Collected data »
++++++++
Definition is_subgroup (H : G -> Prop) :=
  [/\ H (gone G), (forall x y, H x -> H y -> H (gmul x y)) &
      (forall x, H x -> H (ginv x))].

Definition is_normal (N : G -> Prop) :=
  is_subgroup N /\ forall x g, N x -> N (gmul (ginv g) (gmul x g)).

Definition has_ppower_index (p : nat) (N : G -> Prop) :=
  exists k, exists r : 'I_(p ^ k) -> G,
    forall g, exists! i, N (gmul (ginv (r i)) g).

Definition p_normal (p : nat) (N : G -> Prop) :=
  is_normal N /\ has_ppower_index p N.

Definition fin_gen :=
  exists (k : nat) (s : nat -> G), forall H : G -> Prop, is_subgroup H ->
    (forall i, (i < k)%N -> H (s i)) -> forall x, H x.

End Subgroups.

(* Inhomogeneous cochains with trivial coefficients in a ring R:
   an n-cochain is a function (nat -> T) -> R depending only on the first
   n arguments; [cobound mul n f] is the standard coboundary d f. *)
Section Cochains.
Variables (T : Type) (mul : T -> T -> T) (R : pzRingType).

Definition shift (g : nat -> T) : nat -> T := fun j => g j.+1.
Definition merge (i : nat) (g : nat -> T) : nat -> T :=
  fun j => if (j < i)%N then g j else if j == i then mul (g j) (g j.+1)
           else g j.+1.

Definition cobound (n : nat) (f : (nat -> T) -> R) : (nat -> T) -> R :=
  fun g => f (shift g) + \sum_(i < n) (-1) ^+ i.+1 * f (merge i g)
           + (-1) ^+ n.+1 * f g.
End Cochains.

Section Discrete.
Variables (G : group) (R : pzRingType).

Definition dcochain (n : nat) (f : (nat -> G) -> R) :=
  forall g g', (forall i, (i < n)%N -> g i = g' i) -> f g = f g'.
Definition dcocycle n (f : (nat -> G) -> R) :=
  dcochain n f /\ forall g, cobound (@gmul G) n f g = 0.
Definition dcoboundary n (f : (nat -> G) -> R) :=
  match n with
  | 0 => forall g, f g = 0
  | n'.+1 => exists h, dcochain n' h /\ forall g, f g = cobound (@gmul G) n' h g
  end.
End Discrete.

(* Pro-p completion: elements are compatible families (x_N)_N indexed by the
   normal subgroups N of p-power index, x_N representing a coset of N. *)
Section Completion.
Variables (G : group) (p : nat).

Definition fam := (G -> Prop) -> G.

Definition compatible (x : fam) :=
  forall N M, p_normal p N -> p_normal p M -> (forall g, M g -> N g) ->
    N (gmul (ginv (x N)) (x M)).

Definition ceq (N : G -> Prop) (x y : fam) := N (gmul (ginv (x N)) (y N)).

Definition fmul (x y : fam) : fam := fun N => gmul (x N) (y N).

Definition cembed (g : G) : fam := fun _ => g.

Variable R : pzRingType.

(* continuous n-cochain on the pro-p completion (locally constant:
   factors through (G/N)^n for some open normal subgroup) *)
Definition ccochain (n : nat) (f : (nat -> fam) -> R) :=
  exists N, p_normal p N /\
    forall x y, (forall i, compatible (x i)) -> (forall i, compatible (y i)) ->
      (forall i, (i < n)%N -> ceq N (x i) (y i)) -> f x = f y.
Definition ccocycle n (f : (nat -> fam) -> R) :=
  ccochain n f /\
  forall x, (forall i, compatible (x i)) -> cobound fmul n f x = 0.
Definition ccoboundary n (f : (nat -> fam) -> R) :=
  match n with
  | 0 => forall x, (forall i, compatible (x i)) -> f x = 0
  | n'.+1 => exists h, ccochain n' h /\
      forall x, (forall i, compatible (x i)) -> f x = cobound fmul n' h x
  end.

Definition pullback (f : (nat -> fam) -> R) : (nat -> G) -> R :=
  fun g => f (fun i => cembed (g i)).
End Completion.

(* The class C: for all primes p and n >= 0 the map
   H^n_cont(\hat G^p, Z/p) -> H^n(G, Z/p) is bijective (injective and surjective). *)
Definition in_class_C (Q : group) :=
  forall p, prime p -> forall n : nat,
    (forall f : (nat -> fam Q) -> 'F_p,
        ccocycle p n f -> dcoboundary n (pullback f) -> ccoboundary p n f) /\
    (forall f : (nat -> Q) -> 'F_p, dcocycle n f ->
        exists f', ccocycle p n f' /\ dcoboundary n (fun g => f g - pullback f' g)).

Definition central_extension (A G Q : group) (iota : A -> G) (eps : G -> Q) :=
  [/\ is_hom iota, is_hom eps, injective iota,
      (forall q, exists g, eps g = q) &
      ((forall g, (exists a, iota a = g) <-> eps g = gone Q) /\
       (forall a g, gmul (iota a) g = gmul g (iota a)))].

Definition top_p_embedded (A G : group) (iota : A -> G) (p : nat) :=
  forall N : A -> Prop, p_normal p N ->
    exists M : G -> Prop, p_normal p M /\ forall a, M (iota a) -> N a.

(* Write A additively; it is abelian since it is central.  Let f be the
   2-cocycle of the extension for a set-theoretic section of eps.  Given a normal
   subgroup N of A of p-power index, it suffices to find an open normal U in Q
   and a 2-cochain F, constant on U-cosets, with f = F + delta1 h modulo N:
   rechoosing the section by h makes the cocycle vanish modulo N on U x U, and
   the elements of G over U whose A-coordinate lies in N then form a normal
   subgroup M of p-power index with M :&: A <= N.
   The existence of F says that the class of f in H^2(Q, A/N) comes from
   H^2_cont(\hat Q^p, A/N).  As A/N is a finite p-group this follows by
   induction along a chain of subgroups with successive quotients Z/p, each step
   being a five-lemma chase that uses, for coefficients Z/p, surjectivity of
   H^2_cont -> H^2 and injectivity of H^3_cont -> H^3, i.e. that Q is in C. *)

From Pilot Require Import Defs.
From HB Require Import structures.
From mathcomp Require Import all_boot all_algebra all_fingroup cyclic.
From mathcomp Require Import boolp ring.
Set Implicit Arguments. Unset Strict Implicit. Unset Printing Implicit Defensive.

Section GroupFacts.
Variable G : Defs.group.
Implicit Types x y z : G.
Local Notation "x ** y" := (gmul x y) (at level 40, left associativity).
Local Notation "x ^^-1" := (ginv x) (at level 3).
Local Notation "1" := (gone G).

Lemma gmulgV x : x ** x^^-1 = 1.
Proof.
rewrite -[x ** _]gmul1g -[in LHS](gmulVg x^^-1) -gmulA (gmulA x^^-1 x) gmulVg.
by rewrite gmul1g gmulVg.
Qed.

Lemma gmulg1 x : x ** 1 = x.
Proof. by rewrite -(gmulVg x) gmulA gmulgV gmul1g. Qed.

Lemma gmulKg x y : x^^-1 ** (x ** y) = y.
Proof. by rewrite gmulA gmulVg gmul1g. Qed.

Lemma gmulKVg x y : x ** (x^^-1 ** y) = y.
Proof. by rewrite gmulA gmulgV gmul1g. Qed.

Lemma gmulgK x y : x ** y ** y^^-1 = x.
Proof. by rewrite -gmulA gmulgV gmulg1. Qed.

Lemma gmulgKV x y : x ** y^^-1 ** y = x.
Proof. by rewrite -gmulA gmulVg gmulg1. Qed.

Lemma gmulgI x y z : x ** y = x ** z -> y = z.
Proof. by move=> eq_xy; rewrite -(gmulKg x y) eq_xy gmulKg. Qed.

Lemma gmulIg x y z : y ** x = z ** x -> y = z.
Proof. by move=> eq_yx; rewrite -(gmulgK y x) eq_yx gmulgK. Qed.

Lemma ginv1 : 1^^-1 = 1.
Proof. by rewrite -[LHS]gmulg1 gmulVg. Qed.

Lemma ginvK x : (x^^-1)^^-1 = x.
Proof. by apply: (@gmulIg x^^-1); rewrite gmulVg gmulgV. Qed.

Lemma ginvM x y : (x ** y)^^-1 = y^^-1 ** x^^-1.
Proof.
apply: (@gmulgI (x ** y)); rewrite gmulgV -gmulA (gmulA y) gmulgV gmul1g.
by rewrite gmulgV.
Qed.

Lemma ginvMKl x y z : (x ** y)^^-1 ** (x ** z) = y^^-1 ** z.
Proof. by rewrite ginvM -gmulA gmulKg. Qed.

Lemma gmul_eq1 x y : x ** y = 1 -> y = x^^-1.
Proof. by move=> xy1; apply: (@gmulgI x); rewrite xy1 gmulgV. Qed.

Fixpoint gexp x n : G := if n is n'.+1 then x ** gexp x n' else 1.

End GroupFacts.

Section Morphisms.
Variables (G H : Defs.group) (f : G -> H).
Hypothesis f_hom : is_hom f.

Lemma hom1 : f (gone G) = gone H.
Proof. by apply: (@gmulgI _ (f (gone G))); rewrite -f_hom gmul1g gmulg1. Qed.

Lemma homV x : f (ginv x) = ginv (f x).
Proof. by apply: gmul_eq1; rewrite -f_hom gmulgV hom1. Qed.

End Morphisms.

Section NormalSubgroup.
Variable G : Defs.group.
Implicit Types x y z g : G.
Local Notation "x ** y" := (gmul x y) (at level 40, left associativity).
Local Notation "x ^^-1" := (ginv x) (at level 3).
Variable V : G -> Prop.
Hypothesis V_normal : is_normal V.

Lemma normal1 : V (gone G). Proof. by case: V_normal => -[]. Qed.

Lemma normalM x y : V x -> V y -> V (x ** y).
Proof. by case: V_normal => -[] _ VM _ _; apply: VM. Qed.

Lemma normalV x : V x -> V x^^-1.
Proof. by case: V_normal => -[] _ _ VV _; apply: VV. Qed.

Lemma normalJ x g : V x -> V (g^^-1 ** (x ** g)).
Proof. by case: V_normal => _ VJ; apply: VJ. Qed.

Lemma normalJV x g : V x -> V (g ** (x ** g^^-1)).
Proof. by move=> /(normalJ (g^^-1)); rewrite ginvK. Qed.

Lemma coset_refl x : V (x^^-1 ** x).
Proof. by rewrite gmulVg; apply: normal1. Qed.

Lemma coset_sym x y : V (x^^-1 ** y) -> V (y^^-1 ** x).
Proof. by move/normalV; rewrite ginvM ginvK. Qed.

Lemma coset_trans x y z : V (x^^-1 ** y) -> V (y^^-1 ** z) -> V (x^^-1 ** z).
Proof. by move=> Vxy Vyz; have := normalM Vxy Vyz; rewrite -gmulA gmulKVg. Qed.

Lemma coset_mulr x y z : V (y^^-1 ** z) -> V ((y ** x)^^-1 ** (z ** x)).
Proof. by move=> Vyz; rewrite ginvM -gmulA (gmulA y^^-1); apply: normalJ. Qed.

Lemma coset_mul x y x' y' : V (x^^-1 ** x') -> V (y^^-1 ** y') ->
  V ((x ** y)^^-1 ** (x' ** y')).
Proof.
move=> Vx Vy; apply: coset_trans (coset_mulr y Vx) _.
by rewrite ginvMKl.
Qed.

End NormalSubgroup.

Section CosetAction.
Variable G : Defs.group.
Implicit Types x y g : G.
Local Notation "x ** y" := (gmul x y) (at level 40, left associativity).
Local Notation "x ^^-1" := (ginv x) (at level 3).
Variable V : G -> Prop.
Hypothesis V_normal : is_normal V.
Variables (n : nat) (r : 'I_n -> G).
Hypothesis r_transversal : forall g, exists! i, V ((r i)^^-1 ** g).

Let coset_exists g : exists i, V ((r i)^^-1 ** g).
Proof. by case: (r_transversal g) => i [Vi _]; exists i. Qed.

Definition coset_idx g : 'I_n := proj1_sig (cid (coset_exists g)).

Lemma coset_idxP g : V ((r (coset_idx g))^^-1 ** g).
Proof. exact: (proj2_sig (cid (coset_exists g))). Qed.

Lemma coset_idx_uniq g i : V ((r i)^^-1 ** g) -> i = coset_idx g.
Proof.
move=> Vi; case: (r_transversal g) => j [_ uniq_j].
by rewrite -(uniq_j _ Vi) -(uniq_j _ (coset_idxP g)).
Qed.

Lemma coset_idx_eq g h : V (g^^-1 ** h) <-> coset_idx g = coset_idx h.
Proof.
split=> [Vgh|eq_gh].
  apply: coset_idx_uniq; exact: (coset_trans V_normal (coset_idxP g) Vgh).
apply: (coset_trans V_normal (coset_sym V_normal (coset_idxP g))).
by rewrite eq_gh; apply: coset_idxP.
Qed.

Lemma coset_idx_rep i : coset_idx (r i) = i.
Proof. by symmetry; apply: coset_idx_uniq; apply: coset_refl. Qed.

(* the action on the n cosets of V: a morphism G -> 'S_n with kernel V whose
   image has order n *)
Definition coset_fun x i : 'I_n := coset_idx (x^^-1 ** r i).

Lemma coset_fun_inj x : injective (coset_fun x).
Proof.
move=> i j /coset_idx_eq Vij.
have /coset_idx_eq : V ((r i)^^-1 ** r j) by move: Vij; rewrite ginvMKl.
by rewrite !coset_idx_rep.
Qed.

Definition coset_perm x : {perm 'I_n} := perm (@coset_fun_inj x).

Lemma coset_permE x i : coset_perm x i = coset_idx (x^^-1 ** r i).
Proof. by rewrite permE. Qed.

Lemma coset_permM x y : coset_perm (x ** y) = (coset_perm x * coset_perm y)%g.
Proof.
apply/permP => i; rewrite permM !coset_permE; apply/coset_idx_eq.
rewrite (ginvM x y) -(gmulA y^^-1) ginvMKl; apply: coset_sym => //.
exact: coset_idxP.
Qed.
Lemma abelian_type_dvdn_exponent K m : abelian K ->
  m \in abelian_type K -> m %| exponent K.
Proof.
move=> cKK; have [b defK <-] := abelian_structure cKK; case/mapP => y b_y ->.
apply: dvdn_exponent; rewrite -(bigdprodWY defK); have [b1 b2] := splitPr b_y.
by rewrite big_cat big_cons /= mem_gen // setUCA inE cycle_id.
Qed.

Lemma abelian_type_index2_Ldiv2 K : abelian K -> #|K| = (2 * #|'Ldiv_2(K)|)%N ->
  abelian_type K = 4 :: nseq (logn 2 #|K|).-2 2.
Proof.
move=> cKK cardK; pose L := Group (group_Ldiv 2 cKK).
have sLK : L \subset K := subsetIl _ _.
have iKL : #|K : L| = 2 by rewrite -divgS // cardK mulnK // (cardG_gt0 L).
have expK : exponent K %| 4.
  apply/exponentP => a Ka; suff /LdivP[_] : a ^+ 2 \in L by rewrite -expgM.
  have [La | notLa] := boolP (a \in L); first exact: groupX.
  rewrite expgS expg1 -{2}[a]invgK.
  by apply: (mulgV_index2 sLK iKL); rewrite in_setD ?groupV notLa Ka.
have pK : 2.-group K by rewrite -pnat_exponent (pnat_dvd expK).
have rankK : 'r(K) = logn 2 #|L|.
  rewrite (rank_abelian_pgroup pK cKK).
  by rewrite (OhmEabelian pK (abelianS (Ohm_sub 1 K) cKK)) expn1.
have cardL : #|L| = (2 ^ 'r(K))%N by rewrite rankK -(card_pgroup (pgroupS sLK pK)).
rewrite cardK cardL -expnS pfactorK // -(size_abelian_type cKK).
have [b defK typeK] := abelian_structure cKK.
apply: sorted_type24; first exact: abelian_type_sorted.
  apply/allP => m type_m; have gt1m := allP (abelian_type_gt1 K) m type_m.
  have := dvdn_trans (abelian_type_dvdn_exponent cKK type_m) expK.
  by case: m {type_m} gt1m => [|[|[|[|[|]]]]].
rewrite (size_abelian_type cKK) -typeK big_map (bigdprod_card defK).
by rewrite cardK cardL expnS.
Qed.

End AbelianType.

Lemma index2_Ldiv2_isog_Z2m_Z4 (gT : finGroupType) (K : {group gT}) : abelian K ->
  #|K| = (2 * #|'Ldiv_2(K)|)%N <-> exists m, K \isog [set: Z2m_Z4 m].
Proof.
move=> cKK; split=> [cardK | [m /isogP[f injf fK]]].
  exists (logn 2 #|K|).-2.
  rewrite (eq_abelian_type_isog cKK (abelian_Z2m_Z4 _)).
  have cardT : #|[set: Z2m_Z4 (logn 2 #|K|).-2]| =
      (2 * #|'Ldiv_2([set: Z2m_Z4 (logn 2 #|K|).-2])|)%N.
    by rewrite card_Z2m_Z4 card_Ldiv2_Z2m_Z4 -expnS.
  rewrite (abelian_type_index2_Ldiv2 cKK cardK).
  rewrite (abelian_type_index2_Ldiv2 (abelian_Z2m_Z4 _) cardT).
  by rewrite card_Z2m_Z4 pfactorK.
rewrite -(card_injm injf (subxx _)) -(card_injm injf (subsetIl _ _)).
rewrite injm_Ldiv // fK.
by rewrite card_Z2m_Z4 card_Ldiv2_Z2m_Z4 expnS.
Qed.

Section ChermakDelgado.
Variable gT : finGroupType.
Implicit Types G H L U : {group gT}.

Lemma mstarCD_eq G H0 V : (forall H, H \subset G -> mCD G H <= V)%N ->
  H0 \subset G -> mCD G H0 = V -> mstarCD G = V.
Proof.
move=> leV sH0G defV; apply/eqP; rewrite eqn_leq -{2}defV.
rewrite (@leq_bigmax_cond _ _ (fun H => mCD G H) H0 sH0G) andbT.
exact/bigmax_leqP.
Qed.

Lemma CDlattice_abelian G : abelian G -> CDlattice G = [set G].
Proof.
move=> cGG; have CGH H : H \subset G -> 'C_G(H) = G.
  by move=> sHG; apply/setIidPl; rewrite centsC (subset_trans sHG).
have mGH H : H \subset G -> mCD G H = (#|H| * #|G|)%N.
  by move=> /CGH; rewrite /mCD => ->.
have mstarG : mstarCD G = (#|G| * #|G|)%N.
  apply: mstarCD_eq (subxx _) (mGH _ (subxx _)) => H sHG.
  by rewrite mGH // leq_mul2r subset_leq_card ?orbT.
apply/setP => H; rewrite /CDlattice mstarG !inE.
apply/andP/eqP => [[sHG] | ->]; last by rewrite subxx mGH.
rewrite mGH // eqn_pmul2r ?cardG_gt0 // => /eqP cardH.
by apply/val_inj/subset_card_eq; rewrite ?cardH.
Qed.

Lemma quasi_antichain_interval L U (M : {set {group gT}}) (c : nat) :
  L \subset U ->
  [set H : {group gT} | (L \subset H) && (H \subset U)] :\ L :\ U = M ->
  {in M, forall H : {group gT}, #|H| = c} ->
  quasi_antichain [set H : {group gT} | (L \subset H) && (H \subset U)] #|M|.
Proof.
move=> sLU defM cardM; exists L, U; rewrite defM; split=> //.
- by rewrite inE subxx sLU.
- by rewrite inE subxx sLU.
- by move=> H; rewrite inE.
move=> H K MH MK sHK; apply/val_inj/subset_card_eq => //.
by rewrite (cardM _ MH) (cardM _ MK).
Qed.

End ChermakDelgado.

Section Dicyclic.
Variables (gT : finGroupType) (G A : {group gT}) (x : gT).
Hypotheses (cAA : abelian A) (sAG : A \subset G) (iAG : #|G : A| = 2).
Hypotheses (Gx : x \in G) (notAx : x \notin A).
Hypothesis conjAx : forall a, a \in A -> a ^ x = a^-1.
Implicit Types H K : {group gT}.

Lemma card_dic : #|G| = (2 * #|A|)%N.
Proof. by rewrite -(Lagrange sAG) iAG mulnC. Qed.

Lemma card_le_double_meet K : K \subset G -> (#|K| <= 2 * #|K :&: A|)%N.
Proof.
move=> sKG; have := mul_cardG K A; have := cardG_gt0 A.
have : (#|(K * A)%g| <= #|G|)%N by rewrite subset_leq_card // mul_subG.
rewrite card_dic; nia.
Qed.

Lemma conj_outA g a : g \in G -> g \notin A -> a \in A -> a ^ g = a^-1.
Proof.
move=> Gg notAg Aa; have Agx : g * x^-1 \in A.
  by apply: (mulgV_index2 sAG iAG); rewrite in_setD ?Gg ?Gx ?notAx ?notAg.
rewrite -(mulgKV x g) conjgM -(conjAx Aa); congr (_ ^ x).
by apply/conjg_fixP/commgP/(centsP cAA).
Qed.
++++++++
Goal of the exercise »
Go through the records and pull out each line that includes the word "first".

Answer »
   an n-cochain is a function (nat -> T) -> R depending only on the first
  have [La | notLa] := boolP (a \in L); first exact: groupX.
apply: sorted_type24; first exact: abelian_type_sorted.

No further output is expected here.